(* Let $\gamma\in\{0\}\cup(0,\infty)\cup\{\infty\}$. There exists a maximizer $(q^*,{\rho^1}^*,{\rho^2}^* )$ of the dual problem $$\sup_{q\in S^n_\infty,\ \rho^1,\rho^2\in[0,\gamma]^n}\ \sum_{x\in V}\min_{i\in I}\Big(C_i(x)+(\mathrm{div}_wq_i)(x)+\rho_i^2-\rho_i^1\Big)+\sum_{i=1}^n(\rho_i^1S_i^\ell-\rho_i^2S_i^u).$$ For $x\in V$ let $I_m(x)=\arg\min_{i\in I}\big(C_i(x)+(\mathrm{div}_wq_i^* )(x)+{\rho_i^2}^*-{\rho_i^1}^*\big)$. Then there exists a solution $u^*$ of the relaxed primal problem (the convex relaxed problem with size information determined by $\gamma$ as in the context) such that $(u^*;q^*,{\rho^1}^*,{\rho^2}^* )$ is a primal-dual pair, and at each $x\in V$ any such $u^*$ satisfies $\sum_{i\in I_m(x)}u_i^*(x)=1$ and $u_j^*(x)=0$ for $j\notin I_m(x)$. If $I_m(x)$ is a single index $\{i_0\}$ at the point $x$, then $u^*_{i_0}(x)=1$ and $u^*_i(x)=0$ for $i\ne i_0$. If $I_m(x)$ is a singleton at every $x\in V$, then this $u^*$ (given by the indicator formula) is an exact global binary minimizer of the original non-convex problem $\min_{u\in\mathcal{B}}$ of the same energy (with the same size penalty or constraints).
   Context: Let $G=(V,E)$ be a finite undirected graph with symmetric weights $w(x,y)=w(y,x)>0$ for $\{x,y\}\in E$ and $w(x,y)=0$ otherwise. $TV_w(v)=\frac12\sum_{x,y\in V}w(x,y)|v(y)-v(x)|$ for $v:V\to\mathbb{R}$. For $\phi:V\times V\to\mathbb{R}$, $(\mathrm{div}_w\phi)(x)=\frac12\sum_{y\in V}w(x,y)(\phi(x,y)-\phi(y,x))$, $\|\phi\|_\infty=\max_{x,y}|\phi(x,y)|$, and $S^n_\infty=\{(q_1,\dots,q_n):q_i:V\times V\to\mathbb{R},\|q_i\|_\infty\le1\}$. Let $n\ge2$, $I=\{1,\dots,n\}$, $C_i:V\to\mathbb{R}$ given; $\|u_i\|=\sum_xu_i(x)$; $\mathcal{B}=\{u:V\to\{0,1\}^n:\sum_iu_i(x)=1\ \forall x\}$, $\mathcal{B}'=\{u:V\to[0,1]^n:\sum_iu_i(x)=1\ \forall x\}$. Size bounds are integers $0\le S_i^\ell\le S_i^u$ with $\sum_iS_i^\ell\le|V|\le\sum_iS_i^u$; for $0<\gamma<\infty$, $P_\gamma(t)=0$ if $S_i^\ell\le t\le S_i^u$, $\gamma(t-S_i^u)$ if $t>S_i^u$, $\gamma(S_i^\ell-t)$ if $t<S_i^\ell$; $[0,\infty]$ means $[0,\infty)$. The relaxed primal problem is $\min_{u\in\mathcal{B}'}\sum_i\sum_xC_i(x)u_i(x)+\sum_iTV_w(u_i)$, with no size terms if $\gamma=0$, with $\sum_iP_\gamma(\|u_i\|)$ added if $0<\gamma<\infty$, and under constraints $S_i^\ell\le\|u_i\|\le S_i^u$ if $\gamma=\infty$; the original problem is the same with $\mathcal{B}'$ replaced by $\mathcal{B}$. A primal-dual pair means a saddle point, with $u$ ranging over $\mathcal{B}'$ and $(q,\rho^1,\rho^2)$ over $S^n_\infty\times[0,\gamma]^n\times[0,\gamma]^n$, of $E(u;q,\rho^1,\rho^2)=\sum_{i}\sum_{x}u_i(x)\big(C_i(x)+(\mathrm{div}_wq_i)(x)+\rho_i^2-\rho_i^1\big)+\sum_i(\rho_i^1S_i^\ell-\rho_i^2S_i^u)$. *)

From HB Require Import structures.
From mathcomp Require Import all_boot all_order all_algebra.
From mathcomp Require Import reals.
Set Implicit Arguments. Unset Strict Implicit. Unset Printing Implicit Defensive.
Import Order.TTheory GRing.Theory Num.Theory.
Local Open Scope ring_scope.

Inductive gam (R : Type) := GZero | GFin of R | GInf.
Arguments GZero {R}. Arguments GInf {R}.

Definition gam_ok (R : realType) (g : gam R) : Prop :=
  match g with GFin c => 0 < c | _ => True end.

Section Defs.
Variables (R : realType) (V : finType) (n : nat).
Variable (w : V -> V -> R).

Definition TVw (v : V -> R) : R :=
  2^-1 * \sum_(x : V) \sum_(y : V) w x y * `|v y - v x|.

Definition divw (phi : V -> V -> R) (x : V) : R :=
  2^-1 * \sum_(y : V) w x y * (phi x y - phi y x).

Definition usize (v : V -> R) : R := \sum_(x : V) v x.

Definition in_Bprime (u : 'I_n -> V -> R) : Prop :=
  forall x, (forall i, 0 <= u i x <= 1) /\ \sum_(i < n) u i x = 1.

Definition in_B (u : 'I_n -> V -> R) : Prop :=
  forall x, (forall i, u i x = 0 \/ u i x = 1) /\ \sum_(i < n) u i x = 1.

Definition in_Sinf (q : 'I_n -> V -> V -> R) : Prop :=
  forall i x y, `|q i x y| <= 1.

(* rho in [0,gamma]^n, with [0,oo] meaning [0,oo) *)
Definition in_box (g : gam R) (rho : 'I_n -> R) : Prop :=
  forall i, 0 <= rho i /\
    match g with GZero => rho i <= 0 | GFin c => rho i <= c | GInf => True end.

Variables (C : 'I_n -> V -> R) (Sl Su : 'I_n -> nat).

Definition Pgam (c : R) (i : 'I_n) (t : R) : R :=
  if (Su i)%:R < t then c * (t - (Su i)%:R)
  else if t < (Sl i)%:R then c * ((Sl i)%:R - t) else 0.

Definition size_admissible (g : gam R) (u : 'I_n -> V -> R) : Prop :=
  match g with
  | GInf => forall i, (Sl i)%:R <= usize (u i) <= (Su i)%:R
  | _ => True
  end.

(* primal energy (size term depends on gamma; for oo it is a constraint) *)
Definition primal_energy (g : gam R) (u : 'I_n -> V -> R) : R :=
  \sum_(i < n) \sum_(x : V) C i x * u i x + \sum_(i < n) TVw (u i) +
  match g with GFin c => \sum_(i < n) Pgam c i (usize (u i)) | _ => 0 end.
-------------------------
* PROMPT *
The count of lines in the records above holding the word "GInf" should be reported as a number, with nothing added.

* SOLVED EXERCISE *
4